During the Cold War, when the term “national security” was invoked, it would doubtless have involved the purchase of planes, tanks and ships. The build up of arms that followed was justified by strategists using theories such as Mutually Assured Destruction (MAD) and the Prisoners’ Dilemma – that the more arms we acquired, the less we’d have to use them and the safer we’d be. But in the post-9/11 world, these strategies have become irrelevant, as threats to national security have become opaque; nowadays, it’s not as easy to distinguish between a combatant and a non-combatant.

This blurred line has forced a change in many of our operations – towards “hearts and minds” missions, by which we provide to those most in need the kinds of basic infrastructures that we enjoy. These operations align with a new concept of security: one that places the individual, rather than the nation-state, at the center of concern. As a result, “human security” has become the new catch-cry in many strategic circles. Ensuring human security – defined generally as the freedom from fear and freedom from want – is about ensuring people have the basic means of survival. To put the term in context, take the example of asylum seekers. What makes people sail in a rickety boat across treacherous seas for weeks on end? It is their insecurity; they seek asylum from it.

But more so than national security, human security requires a multidimensional effort, in which hearts and minds missions are only one element. And yes, creating an enabling environment for the private sector is another, but this is expected to touch at best two-thirds of the poor. For those untouched by the benefits of economic growth, foreign aid plays a fundamental role. It is this new understanding of security that has breathed new life into the importance of foreign aid, and is the reason why developed countries are being asked to commit 0.7 percent of their national incomes to overseas development.

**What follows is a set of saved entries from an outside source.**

Lemma lin_diff_graded d eps : is_DGA N deg d -> aug_deg0 eps ->
  graded_mx N deg (-1) (lin_diff d eps).
Proof.
move=> [dd _] e0 i k; rewrite lin_diffE => /lin_part_neq0[w1 [w2 [cw e1 e2]]].
by rewrite -(wdeg_cat_letter k e0 e1 e2); apply/eqP/dd.
Qed.

End InducedMaps.

Unset Implicit Arguments.

Theorem lemma4p2 (R : realFieldType) (n N : nat) (deg : 'I_n -> int)
  (h : 'I_n -> R) (d : 'I_n -> ncpoly n) (eps : 'I_n -> bool)
  (es : seq ('I_n * ncpoly n)) (sigma : {perm 'I_n}) :
  is_DGA N deg d ->
  is_filtered h d ->
  is_augmentation N deg d eps ->
  (forall e, e \in es -> elementary N deg e) ->
  relabeling N deg sigma ->
  (* semimonotonic *)
  (forall e, e \in es -> semimonotonic_elem h e) ->
  (forall i, h (sigma i) = h i) ->
  let L := tame_lin eps es sigma in
  let D := lin_diff d eps in
  let D' := invmx L *m D *m L in
  (* (A^., D') is a persistence module of chain complexes *)
  ((forall t v, inA h t v -> inA h t (v *m D')) /\
   D' *m D' = 0 /\
   (forall k v, homogv N deg k v -> homogv N deg (k - 1) (v *m D'))) /\
  (* L induces an isomorphism of persistence modules of chain complexes *)
  (L \in unitmx /\
   (forall t v, inA h t v -> inA h t (v *m L)) /\
   (forall t v, inA h t v -> inA h t (v *m invmx L)) /\
   (forall k v, homogv N deg k v -> homogv N deg k (v *m L)) /\
   (forall k v, homogv N deg k v -> homogv N deg k (v *m invmx L)) /\
   D *m L = L *m D').
Proof.
move=> dga filt augm elem rel semi h_sigma L D D'.
have eps0 : aug_deg0 N deg eps by move=> i /augm.1/eqP.
have [Lu fL fL' gL gL'] : filtered_graded_iso N deg h L.
  exact: filtered_graded_isoM (tame_lin_elems_iso eps0 elem semi)
                              (filtered_graded_iso_perm rel h_sigma).
have fD' : filtered_mx h D'.
  exact: filtered_mxM (filtered_mxM fL' (lin_diff_filtered filt)) fL.
have gD' : graded_mx N deg (-1) D'.
  by have := graded_mxM (graded_mxM gL' (lin_diff_graded dga eps0)) gL; rewrite add0r addr0.
have homogv_deg0 M k v : graded_mx N deg 0 M -> homogv N deg k v -> homogv N deg k (v *m M).
  by move=> gM /(homogv_mulmx gM); rewrite addr0.
repeat split => //.
- by move=> t v; apply: inA_mulmx.
- exact: sqr_conj_invmx Lu (lin_diff_sqr augm.2 dga.2).
- by move=> k v /(homogv_mulmx gD').
- by move=> t v; apply: inA_mulmx.
- by move=> t v; apply: inA_mulmx.
- by move=> k v; apply: homogv_deg0.
- by move=> k v; apply: homogv_deg0.
- by rewrite mulmx_conj_invmx.
Qed.
(* Block j is the set of colours [j(d-1), (j+1)(d-1)); the colours [block_pred j]
   and [block_pred j + d] sit just before and just after it on the cycle, so an
   edge coloured with them supports the block. *)
Definition block_pred (j : nat) := if j == 0 then N.-1 else j * d.-1 - 1.

Lemma block_start_le j : j < nblocks -> j * d.-1 <= N.-1.
Proof. by rewrite /nblocks addn1 ltnS leq_divRL. Qed.

Lemma block_pred_lt j : j < nblocks -> block_pred j < N.
Proof. by move/block_start_le; rewrite /block_pred; case: ifP; lia. Qed.

Lemma block_pred_inj i j : i < nblocks -> j < nblocks -> block_pred i = block_pred j -> i = j.
Proof.
move=> /block_start_le le_i /block_start_le le_j; rewrite /block_pred.
have dm1_le j' : j' != 0 -> d.-1 <= j' * d.-1 by move=> ?; rewrite leq_pmull; lia.
case: (eqVneq i 0) => [->|/dm1_le ?]; case: (eqVneq j 0) => [->|/dm1_le ?] //; try lia.
by move=> ?; apply/eqP; rewrite -(eqn_pmul2r dm1_gt0); apply/eqP; lia.
Qed.

Lemma block_not_adj j w : j < nblocks -> f w %/ d.-1 = j ->
  ~~ circ_adj N d (block_pred j) (f w) && ~~ circ_adj N d ((block_pred j + d) %% N) (f w).
Proof.
move=> /block_start_le le_jN fw_j; case: f_col => lt_f _; have := lt_f w.
have def_fw := divn_eq (f w) d.-1; have lt_r := ltn_pmod (f w) dm1_gt0.
rewrite fw_j in def_fw; rewrite def_fw; move: (f w %% d.-1) lt_r => r lt_r lt_fw.
rewrite /block_pred /circ_adj /cdist; case: (eqVneq j 0) => [j0|j_neq0].
  rewrite j0 mul0n in lt_fw *; rewrite (modn_lt_dbl (x := N.-1 + d)); last lia.
  by case: ifP => ?; apply/andP; split; apply/negP => /andP[]; lia.
have : d.-1 <= j * d.-1 by rewrite leq_pmull; lia.
move: le_jN lt_fw; move: (j * d.-1) => m ? ? ?.
rewrite (modn_lt_dbl (x := m - 1 + d)); last lia.
by case: ifP => ?; apply/andP; split; apply/negP => /andP[]; lia.
Qed.

Definition block_edge (j : nat) : V * V := odflt (x0, x0)
  [pick uv : V * V | [&& e uv.1 uv.2, f uv.1 == block_pred j & f uv.2 == (block_pred j + d) %% N]].

Lemma block_edgeP j : j < nblocks ->
  [/\ e (block_edge j).1 (block_edge j).2, f (block_edge j).1 = block_pred j
    & f (block_edge j).2 = (block_pred j + d) %% N].
Proof.
move=> lt_j; rewrite /block_edge; case: pickP => [uv /and3P[? /eqP ? /eqP ?] //|no_uv].
have [x [y [exy fx fy]]] := f_tight (block_pred_lt lt_j).
by move: (no_uv (x, y)); rewrite /= exy fx fy !eqxx.
Qed.

Definition blocks := [ffun j : 'I_nblocks => [set v | f v %/ d.-1 == j]].
Definition block_edges := [ffun j : 'I_nblocks => block_edge j].

Lemma blocks_independent j : independent e (blocks j).
Proof.
case: f_col => _ f_adj; rewrite ffunE; apply/forall_inP => u; rewrite inE => /eqP fu_j.
apply/forall_inP => v; rewrite inE => /eqP fv_j; apply: contraTN isT => /f_adj.
have := divn_eq (f u) d.-1; have := divn_eq (f v) d.-1.
have := ltn_pmod (f u) dm1_gt0; have := ltn_pmod (f v) dm1_gt0.
rewrite fu_j fv_j; move: (f u %% d.-1) (f v %% d.-1) (j * d.-1) => ru rv m.
by rewrite /circ_adj /cdist => ? ? -> -> /andP[]; lia.
Qed.

Lemma blocks_cover x : exists j, x \in blocks j.
Proof.
have lt_j : f x %/ d.-1 < nblocks.
  by rewrite /nblocks addn1 ltnS leq_div2r //; case: f_col => lt_f _; have := lt_f x; lia.
by exists (Ordinal lt_j); rewrite ffunE inE.
Qed.

Lemma blocks_disjoint i j : i != j -> [disjoint blocks i & blocks j].
Proof.
apply: contraNT; rewrite -setI_eq0 => /set0Pn[v]; rewrite !ffunE !inE => /andP[/eqP vi /eqP vj].
by rewrite -(inj_eq val_inj) /= -vi -vj.
Qed.

Lemma blocks_supported j : supports e (block_edges j) (blocks j).
Proof.
case: f_col => _ f_adj; have [euv fu fv] := block_edgeP (ltn_ord j).
rewrite /supports ffunE euv; apply/eqP/setP => w; rewrite !ffunE !inE.
apply/negP => /andP[/eqP fw_j adj_w].
have /andP[] := block_not_adj (ltn_ord j) fw_j; rewrite -fv -fu.
by case/orP: adj_w => /f_adj ->.
Qed.
Lemma mem_graph_of r a b : ((a, b) \in graph_of r) = r a b.
Proof. by rewrite mem_filter andbC; case: a; case: b. Qed.

Definition comp (g1 g2 : graph) : graph :=
  graph_of (fun a c => has (fun b => ((a, b) \in g1) && ((b, c) \in g2)) values).

Lemma rel_of_comp g1 g2 :
  (fun x y => exists z, rel_of g1 x z /\ rel_of g2 z y) = rel_of (comp g1 g2).
Proof.
apply: functional_extensionality => x; apply: functional_extensionality => y.
apply: propositional_extensionality; rewrite /rel_of.
case: (x ord0) => [a|]; case: (y ord0) => [c|]; rewrite ?mem_graph_of; split=> //.
- case=> z; case: (z ord0) => [b|] [ab bc] //.
  by apply/hasP; exists b; [case: b {ab bc} | apply/andP].
- by case/hasP=> b _ /andP[ab bc]; exists (tup b).
all: by case=> z; case: (z ord0) => [?|] [].
Qed.

Definition fset_of (L : seq graph) : fset flat3 := fun P => exists2 g, g \in L & P = rel_of g.

Definition normalize_graphs (L : seq graph) : seq graph :=
  [seq g <- L | (g != [::]) && ~~ has (fun g' => subgraph g g' && ~~ subgraph g' g) L].

Lemma normalize_fset_of L : normalize (fset_of L) = fset_of (normalize_graphs L).
Proof.
apply: functional_extensionality => P; apply: propositional_extensionality.
split=> [[[g gL ->] [/nonempty_rel_ofP g0 maxg]] | [g]].
  exists g => //; rewrite mem_filter g0 gL andbT /=.
  apply/hasP=> -[g' g'L /andP[sub12 /negP sub21]]; apply: maxg.
  by exists (rel_of g'); split; [exists g' | rewrite !subrel_rel_of].
rewrite mem_filter => /andP[/andP[g0 /hasP maxg] gL] ->.
split; first by exists g.
split=> [|[_ [[g' g'L ->]]]]; first exact/nonempty_rel_ofP.
rewrite !subrel_rel_of => -[sub12 sub21]; apply: maxg; exists g' => //.
by rewrite sub12; apply/negP.
Qed.

Definition compose_step (G C : seq graph) : seq graph :=
  undup (C ++ [seq comp g c | g <- G, c <- C]).

Definition composites (k : nat) (G : seq graph) : seq graph :=
  Nat.iter k (compose_step G) G.

Lemma composites_sub k G : {subset G <= composites k G}.
Proof.
elim: k => [|k IH] //= g /IH gC.
by rewrite /compose_step mem_undup mem_cat gC.
Qed.

Lemma composites_realized k G g : g \in composites k G ->
  exists l, [/\ l <> [], Forall (fset_of G) l & rel_of g = compose_list l].
Proof.
elim: k g => [|k IH] g /=.
  by exists [rel_of g]; split=> //; constructor=> //; exists g.
rewrite /compose_step mem_undup mem_cat => /orP[/IH // | /allpairsP[[g' c] [/= g'G cC ->]]].
have [l [l0 Gl ec]] := IH _ cC.
exists (rel_of g' :: l); split=> //; first by constructor=> //; exists g'.
by rewrite compose_list_cons // -ec rel_of_comp.
Qed.

Definition comp_closed (G C : seq graph) : bool :=
  all (fun g => all (fun c => comp g c \in C) C) G.

Lemma compose_list_closed G C l : comp_closed G C -> {subset G <= C} ->
  l <> [] -> Forall (fset_of G) l -> exists2 g, g \in C & compose_list l = rel_of g.
Proof.
move=> /allP closedC GC; elim: l => [|P l IH] // _ /Forall_cons_iff [[g gG ->] Gl].
case: l IH Gl => [|Q l] IH Gl; first by exists g; [exact: GC |].
have [c cC ec] := IH ltac:(discriminate) Gl.
exists (comp g c); first exact: (allP (closedC g gG)).
by rewrite compose_list_cons // ec rel_of_comp.
Qed.

Lemma opT_fset_of k G : comp_closed G (composites k G) ->
  opT (fset_of G) = fset_of (normalize_graphs (composites k G)).
Proof.
move=> closedC; rewrite /opT -normalize_fset_of; congr normalize.
apply: functional_extensionality => P; apply: propositional_extensionality; split.
  move=> [l [l0 [Gl ->]]].
  exact: compose_list_closed closedC (@composites_sub k G) l0 Gl.
by move=> [g /composites_realized [l [l0 Gl eg]] ->]; exists l.
Qed.

Definition impl (gi gj : graph) : bool := subgraph gj (flip gi) && ~~ subgraph gi (flip gj).

Lemma ImplP L gi Pj : Impl (fset_of L) (rel_of gi) Pj <->
  exists2 gj, gj \in L & Pj = rel_of gj /\ impl gi gj.
Proof.
split.
  move=> [[gj gjL ->] [ji ij]]; exists gj => //; split=> //.
  apply/andP; split; first by apply/converse_sub_rel_of => x y /ji.
  by apply/negP => /converse_sub_rel_of ij'; apply: ij => x y /ij'.
move=> [gj gjL [-> /andP[/converse_sub_rel_of ji /negP ij]]].
split; first by exists gj.
split=> [x y /ji // | ij']; apply: ij; exact/converse_sub_rel_of.
Qed.

Definition refine (L : seq graph) (gi : graph) : graph :=
  [seq p <- gi | all (fun gj => impl gi gj ==> ((p.2, p.1) \notin gj)) L].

The government may be right to talk about a new paradigm for foreign aid, but for reasons other than those its foreign minister has cited thus far. While Australia has seen the economic dividends of foreign aid in South Korea, China, Malaysia, and Thailand, ensuring human security implies efforts across a multiplicity of organizations. It’s ironic, then, that the only dividend from the redirection of funds from aid to the purchase of the JSFs may well be insecurity itself.

William Cuming works for the Global Poverty Project as a Global Policy and Advocacy Associate. He formerly served in the Royal Australian Navy where he worked on Defence-led operations, primarily in the Asia-Pacific and is an award-winning writer for the Australian Institute of International Affairs.